Experimental Error is the random variation present in all experimental results. Different experimental units will give different responses to the same treatment, and it is often true that applying the same treatment over and over again to the same unit will result in different responses in different trials. Experimental error does not refer to conducting the wrong experiment or dropping test tubes.

Measurement Units

Measurement units (or response units) are the actual objects on which the response is measured. These may differ from the experimental units.

Control

Control has several different uses in design. First, an experiment is controlled because we as experimenters assign treatments to experimental units. Otherwise, we would have an observational study. Second, a control treatment is a standard treatment that is used as a baseline or basis of comparison for the other treatments. This control treatment might bethe treatment in common use, or it might be a null treatment (no treatment at all). For example, a study of new pain killing drugs could use a standard pain killer as a control treatment.

Placebo

Placebo is a null treatment that is used. Placebos are often used with human subjects, because people often respond to any treatment: for example, reduction in headache pain when given a sugar pill.

Factors

Factors combine to form treatments. For example, the baking treatment for a cake involves a given time at a given temperature. The treatment is the combination of time and temperature, but we can vary the time and temperature separately. Thus we speak of a time factor and a temperature factor. Individual settings for each factor are called levels of the factor.

Confounding

Confounding occurs when the effect of one factor or treatment can’t be distinguished from that of another factor or treatment.
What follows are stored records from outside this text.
(* Let $\mathcal{L}=(n,\mathcal{M},\mathcal{C})$ be a simple linearization and let $\mathcal{T}\subseteq\mathcal{P}$. If $D(\mathcal{L})$ has a subgraph $Z$ whose underlying undirected graph is a cycle, whose node set is contained in $\mathrm{succ}(\mathcal{T})$, and which satisfies $|U(Z)|=1$, then $\mathrm{proj}_{\mathcal{S}\cup\mathcal{T}}(P(\mathcal{L}))$ is not integral.
   Context: $[n]=\{1,\dots,n\}$; a monomial is a nonempty subset of $[n]$; $\mathcal{S}=\{\{i\}:i\in[n]\}$. A linearization is a triple $\mathcal{L}=(n,\mathcal{M},\mathcal{C})$, where $\mathcal{M}$ is a set of monomials with $\mathcal{S}\subseteq\mathcal{M}$ and $\mathcal{C}$ is a set of AND-constraints; each AND-constraint is a set $c\subseteq\mathcal{M}$ whose union $\bigcup c$ (resultant) lies in $\mathcal{M}$. $\mathcal{P}=\mathcal{M}\setminus\mathcal{S}$. Linearizations are consistent: each $m\in\mathcal{P}$ is the resultant of some $c$ with $|m'|<|m|$ for all $m'\in c$. $\mathcal{L}$ is simple if each proper monomial is the resultant of exactly one AND-constraint and $|\mathcal{C}|=|\mathcal{P}|$. $P(\mathcal{L})\subseteq\mathbb{R}^{\mathcal{M}}$ is the set of $y$ with $0\le y_m\le1$ ($m\in\mathcal{M}$), $y_{\bigcup c}\le y_m$ ($c\in\mathcal{C}$, $m\in c$), $\sum_{m\in c}y_m\le y_{\bigcup c}+|c|-1$ ($c\in\mathcal{C}$). $D(\mathcal{L})$ has node set $\mathcal{M}$ and, for each $c\in\mathcal{C}$, arcs from $\bigcup c$ to each $m\in c$. Cycles are simple. $\mathrm{succ}(W)$ is the set of nodes reachable by directed paths from $W$, including $W$. $U(Z)$ is the set of nodes of out-degree at least $2$ in $Z$. $\mathrm{proj}_{\mathcal{M}'}$ is orthogonal projection onto coordinates in $\mathcal{M}'$. *)

From HB Require Import structures.
From mathcomp Require Import all_boot all_order all_algebra.
From mathcomp Require Import reals.
Set Implicit Arguments. Unset Strict Implicit. Unset Printing Implicit Defensive.
Import Order.TTheory GRing.Theory Num.Theory.
Local Open Scope ring_scope.

(* Variables [n] are represented by 'I_n; a monomial is a set of variables. *)
Notation monomial n := {set 'I_n}.

Definition singletons (n : nat) : {set monomial n} := [set [set i] | i : 'I_n].

Definition resultant (n : nat) (c : {set monomial n}) : monomial n :=
  \bigcup_(m in c) m.

Definition proper_monos (n : nat) (M : {set monomial n}) : {set monomial n} :=
  M :\: singletons n.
The two factors or treatments are said to be confounded. Except in very special circumstances, confounding should be avoided.

TOPICS COVERED

  • Single Factor Experiments : Checking the model assumptions, Treatment Contrasts, Multiple Comparisons, Randomized Block Designs, Latin Squares Designs, Balanced Incomplete Block Designs.

  • Factorial Designs: Fixed, Random, and Mixed Models.

  • 2k Factorial designs: Blocking and Confounding in 2k Factorial Designs.

  • Fractional Factorial Designs and Nested Designs.